Considering “Treatment” through Stevens-Johnson Syndrome

published: 2013-07-01Japanese

enlearge image (to back to press x)SJS Newsletter Published by the Association for Encouraging Patients with SJS (This Photo Is Run with Permission of the Association)

The general meeting of the Japan Stevens-Johnson Syndrome (hereafter SJS) Foundation was held at Tsuda Hall in Sendagaya on June 8, 2013. Its members had a happy reunion at the reception and other places after all these months or years. Reunion itself was as if it were miracle for those who caught an unanticipated disease, lay between death and life, and lost their vision. Some participants caught up on each other's lives to consider each other's physical condition. Others hurried through the meeting and started to make a plan for going out drinking. The members come to the meeting from all over the country. Many of them, however, have unstable health or need caregivers for transferring. The meeting, therefore, is a precious opportunity of reunion for them.

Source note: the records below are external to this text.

(* Let $d\ge3$, $\Omega=\{1,\ldots,d\}$, and $F\le F'\le\mathrm{Sym}(\Omega)$ with $F'$ preserving the orbits of $F$, and suppose $F'$ acts 2-transitively on $\Omega$. Then $G(F,F')$ acts transitively on geodesic segments of any fixed finite length in $T$: for any two geodesic segments $[x_1,x_n]$ and $[x_1',x_n']$ in $T$ (with consecutive vertices $x_1,\ldots,x_n$ and $x_1',\ldots,x_n'$) there exists $g\in G(F,F')$ with $g(x_i)=x_i'$ for all $i$.
   Context: Let $T=\mathcal{T}_d$ be the $d$-regular tree with a fixed edge coloring $c\colon E(T)\to\Omega$ whose restriction $c_v$ to the edges $E(v)$ at each vertex $v$ is a bijection onto $\Omega$. For $g\in\mathrm{Aut}(T)$, $\sigma(g,v)=c_{gv}\circ g_v\circ c_v^{-1}$ with $g_v\colon E(v)\to E(gv)$ induced by $g$. $U(F')=\{g:\sigma(g,v)\in F'\ \forall v\}$, $G(F)=\{g:\sigma(g,v)\in F$ for all but finitely many $v\}$, $G(F,F')=G(F)\cap U(F')$. *)

From mathcomp Require Import all_boot all_fingroup.
Set Implicit Arguments. Unset Strict Implicit. Unset Printing Implicit Defensive.

(* Model of the d-regular tree T_d with its legal edge colouring:
   vertices = reduced words over Omega = 'I_d (no two consecutive letters equal),
   edges = {w, rcons w a}, the edge {w, rcons w a} having colour a.
   Every vertex has exactly one incident edge of each colour. *)

Definition reduced (d : nat) (s : seq 'I_d) : bool := sorted (fun a b => a != b) s.

Definition vert (d : nat) := {s : seq 'I_d | reduced s}.

Definition col (d : nat) (u w : vert d) (a : 'I_d) : Prop :=
  val w = rcons (val u) a \/ val u = rcons (val w) a.

Definition adj (d : nat) (u w : vert d) : Prop := exists a, col u w a.

Definition is_aut (d : nat) (g : vert d -> vert d) : Prop :=
  bijective g /\ forall u w, adj u w <-> adj (g u) (g w).

(* sigma(g,v) lies in the permutation group P: the local action
   c_{gv} o g_v o c_v^{-1} is (the function of) an element of P. *)
Definition sigma_in (d : nat) (g : vert d -> vert d) (v : vert d)
  (P : {set {perm 'I_d}}) : Prop :=
  exists2 p, p \in P & forall a w, col v w a -> col (g v) (g w) (p a).

Definition in_U (d : nat) (F' : {set {perm 'I_d}}) (g : vert d -> vert d) : Prop :=
  is_aut g /\ forall v, sigma_in g v F'.

Definition in_G (d : nat) (F : {set {perm 'I_d}}) (g : vert d -> vert d) : Prop :=
  is_aut g /\ exists S : seq (vert d), forall v, ~ sigma_in g v F -> v \in S.

Definition in_GFF (d : nat) (F F' : {set {perm 'I_d}}) (g : vert d -> vert d) : Prop :=
  in_G F g /\ in_U F' g.

Fixpoint walk (d : nat) (s : seq (vert d)) : Prop :=
  match s with
  | x :: ((y :: _) as t) => adj x y /\ walk t
  | _ => True
  end.

Definition geodesic (d : nat) (s : seq (vert d)) : Prop :=
  exists x0 xs, s = x0 :: xs /\ walk s /\
    forall t, walk t -> forall y0 ys, t = y0 :: ys -> y0 = x0 ->
      last y0 ys = last x0 xs -> size s <= size t.

Definition preserves_orbits (d : nat) (F F' : {set {perm 'I_d}}) : Prop :=
  forall p x, p \in F' -> p x \in orbit 'P F x.

Definition two_transitive (d : nat) (P : {set {perm 'I_d}}) : Prop :=
  forall x y x' y' : 'I_d, x != y -> x' != y' ->
    exists2 p, p \in P & p x = x' /\ p y = y'.

(* Vertices are the reduced words of the free product of d copies of Z/2, which acts on T by
   colour-preserving automorphisms; these have trivial local action and so lie in G(F,F').
   Translating, both segments start at the root and become chains of prefixes of words u, u'.
   An automorphism fixing the root may be built from any choice of local permutations
   sigma(w), subject only to sigma(w a)(a) = sigma(w)(a), the image colour of the edge between
   w and w a having already been fixed at w.  Along the prefixes of u we choose sigma(w) in F'
   sending the next letter of u to the next letter of u': this is possible by 2-transitivity,
   since consecutive letters differ.  Elsewhere we choose sigma(w) in F, which is possible
   because F' preserves the orbits of F.  Only the finitely many prefixes of u then carry a
   local action outside F. *)

From mathcomp Require Import all_boot all_fingroup zify.
From Stdlib Require Import Classical ClassicalEpsilon.
Set Implicit Arguments. Unset Strict Implicit. Unset Printing Implicit Defensive.

Section ReducedWords.
Variable d : nat.
Implicit Types (w : seq 'I_d) (a b c : 'I_d).

Lemma reduced_rcons2 w a b :
  reduced (rcons (rcons w b) a) = reduced (rcons w b) && (b != a).
Proof.
case: w => [|y w]; first by rewrite /reduced /= andbT.
by rewrite /reduced /= rcons_path last_rcons.
Qed.

Lemma reduced_rcons w a : reduced (rcons w a) -> reduced w.
Proof. by case/lastP: w => [|w b] //; rewrite reduced_rcons2 => /andP[]. Qed.

Lemma reduced_nth_neq x0 w i : reduced w -> i.+1 < size w -> nth x0 w i != nth x0 w i.+1.
Proof. by move/(sortedP x0) => w_red /w_red. Qed.

(* Left multiplication by the generator [c] of the free product. *)
Definition lmul c w : seq 'I_d :=
  if w is x :: w' then (if x == c then w' else c :: w) else [:: c].

Lemma lmul_reduced c w : reduced w -> reduced (lmul c w).
Proof.
case: w => [|x w] //= Hr; case: ifP => [_|/negbT hx]; first exact: path_sorted Hr.
by rewrite /reduced /= eq_sym hx.
Qed.

Lemma lmulK c w : reduced w -> lmul c (lmul c w) = w.
Proof.
case: w => [|x w] /=; first by rewrite eqxx.
case: ifP => [/eqP -> | hx] Hr /=; last by rewrite eqxx.
by case: w Hr => [|y w] //= /andP[hy _]; rewrite eq_sym (negbTE hy).
Qed.

Lemma lmul_rcons c w a :
  lmul c (rcons w a) = rcons (lmul c w) a \/ lmul c w = rcons (lmul c (rcons w a)) a.
Proof.
case: w => [|x w] /=; last by case: ifP => _; left.
by case: ifP => [/eqP -> | _]; [right | left].
Qed.

End ReducedWords.

Lemma inj_surj_bijective (T : Type) (f : T -> T) :
  injective f -> (forall y, exists x, f x = y) -> bijective f.
Proof.
move=> f_inj f_surj; pose g y := proj1_sig (constructive_indefinite_description _ (f_surj y)).
have gK : cancel g f by move=> y; rewrite /g; case: constructive_indefinite_description.
by exists g => // x; apply: f_inj; rewrite gK.
Qed.

Section Automorphisms.
Variable d : nat.
Variables F F' : {group {perm 'I_d}}.
Implicit Types (g h : vert d -> vert d) (u v w : vert d).

Definition colour_preserving g := forall u w a, col u w a -> col (g u) (g w) a.

Lemma colour_preserving_aut g h : cancel g h -> cancel h g ->
  colour_preserving g -> colour_preserving h -> is_aut g.
Proof.
move=> gK hK cg ch; split; first by exists h.
move=> u w; split=> [[a /cg]|[a /ch]]; first by exists a.
by rewrite !gK; exists a.
Qed.

Lemma sigma_in_comp (P : {group {perm 'I_d}}) g h v :
  sigma_in g v P -> sigma_in h (g v) P -> sigma_in (h \o g) v P.
Proof.
case=> p pP gp [q qP hq]; exists (p * q)%g; first exact: groupM.
by move=> a w /gp /hq; rewrite permM.
Qed.

Lemma colour_preserving_GFF g : is_aut g -> colour_preserving g -> in_GFF F F' g.
Proof.
move=> ag cg; have sigma1 (P : {group {perm 'I_d}}) v : sigma_in g v P.
  by exists 1%g; rewrite ?group1 // => a w /cg; rewrite perm1.
by split; split=> //; exists [::].
Qed.

Lemma is_aut_comp g h : is_aut g -> is_aut h -> is_aut (h \o g).
Proof.
case=> bg ag [bh ah]; split; first exact: bij_comp.
by move=> u w; rewrite ag ah.
Qed.

Lemma GFF_comp g h : in_GFF F F' g -> in_GFF F F' h -> in_GFF F F' (h \o g).
Proof.
case=> [[ag [Sg gS]] [_ gU]] [[ah [Sh hS]] [_ hU]].
split; split; [exact: is_aut_comp | | exact: is_aut_comp | by move=> v; apply: sigma_in_comp].
case: ag => [[g' gK _] _]; exists (Sg ++ map g' Sh) => v hv; rewrite mem_cat.
apply/orP; apply: NNPP => /not_or_and[vS gvT]; apply: hv.
apply: sigma_in_comp; apply: NNPP; [move/gS | move/hS => /(map_f g')]; by rewrite ?gK.
Qed.

Definition lmulv c v : vert d := exist _ (lmul c (val v)) (lmul_reduced c (valP v)).

Lemma lmulvK c : involutive (lmulv c).
Proof. by move=> v; apply: val_inj; apply: lmulK (valP v). Qed.

Lemma lmulv_col c : colour_preserving (lmulv c).
Proof.
move=> u w a [] e; rewrite /col /= e; first exact: lmul_rcons.
by case: (lmul_rcons c (val w) a); [right | left].
Qed.

(* Multiplication by the letters of [s] from left to right, i.e. by the reverse of [s]; for
   [s = val v] it moves [v] to the root. *)
Definition translate (s : seq 'I_d) v : vert d := foldl (fun v c => lmulv c v) v s.

Lemma translateK s : cancel (translate s) (translate (rev s)).
Proof.
move=> v; rewrite /translate foldl_rev.
by elim: s v => //= c s IH v; rewrite IH lmulvK.
Qed.

Lemma translate_revK s : cancel (translate (rev s)) (translate s).
Proof. by move=> v; have := translateK (rev s) v; rewrite revK. Qed.

Lemma translate_col s : colour_preserving (translate s).
Proof. by elim: s => //= c s IH u w a /(lmulv_col c); apply: IH. Qed.

Lemma translate_aut s : is_aut (translate s).
Proof.
exact: colour_preserving_aut (translateK s) (translate_revK s) (translate_col _) (translate_col _).
Qed.

Lemma translate_GFF s : in_GFF F F' (translate s).
Proof. exact: colour_preserving_GFF (translate_aut s) (translate_col s). Qed.

Lemma translate_root v : val (translate (val v) v) = [::].
Proof.
suff: forall s v, val v = s -> val (translate s v) = [::] by apply.
by elim=> [|c s IH] {}v ev //=; apply: IH; rewrite /= ev /= eqxx.
Qed.
End Automorphisms.

Section Geodesics.
Variable d : nat.
Implicit Types (u v w V : vert d) (t xs : seq (vert d)) (g h : vert d -> vert d).

Lemma col_size u w a : col u w a ->
  size (val w) = (size (val u)).+1 \/ size (val u) = (size (val w)).+1.
Proof. by case=> ->; rewrite size_rcons; [left | right]. Qed.

Lemma walk_size v t : walk (v :: t) -> size (val (last v t)) <= size (val v) + size t.
Proof.
elim: t v => [|w t IH] v; first by rewrite addn0.
by case=> [[a /col_size hc] /IH] /=; case: hc => /= ->; lia.
Qed.

Lemma walk_prefixes v t : walk (v :: t) ->
  size (val (last v t)) = size (val v) + size t ->
  map val (v :: t) = [seq take k (val (last v t)) | k <- iota (size (val v)) (size t).+1].
Proof.
elim: t v => [|w t IH] v; first by rewrite /= addn0 take_size.
case=> [[a hc] hw]; rewrite [last _ _]/= => e; set L := last w t in e *.
have le_w : size (val L) <= size (val w) + size t := walk_size hw.
have {}hc : val w = rcons (val v) a.
  by case: hc => // ev; move: e le_w; rewrite ev size_rcons /=; lia.
have sw : size (val w) = (size (val v)).+1 by rewrite hc size_rcons.
have /(IH _ hw) ew : size (val L) = size (val w) + size t.
  by move: e le_w; rewrite sw /=; lia.
rewrite map_cons ew sw; congr (_ :: _).
move: ew; rewrite sw => -[ew _].
by rewrite -(take_takel _ (leqnSn _)) -ew hc -cats1 take_size_cat.
Qed.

SJS is a type of severe erythema multiforme, which is the object of the Specified Disease Treatment Research Program. According to the homepage of the Japan Intractable Diseases Information Center (in Japanese), the disease is estimated to occur in approximately 1 to 10 person(s) per a million population per year. The disease develops at any age—from children to the aged. Although its cause/mechanism is not clear, it is estimated that immunological change arises because of drugs, infectious diseases, and so on. However, it is difficult to predict its pathogeny before drug exposure. The sufferers experience high fever and have a lot of blisters all over their bodies. Their prognosis may involve permanent damage such as their eyes and respiratory organ after lightning of skin manifestations. Some of them may even die from multiple organ failure. The mortality rate is 6.3%. The rate of toxic epidermal necrosis (TEN), which is a severe type, reaches 20-30%.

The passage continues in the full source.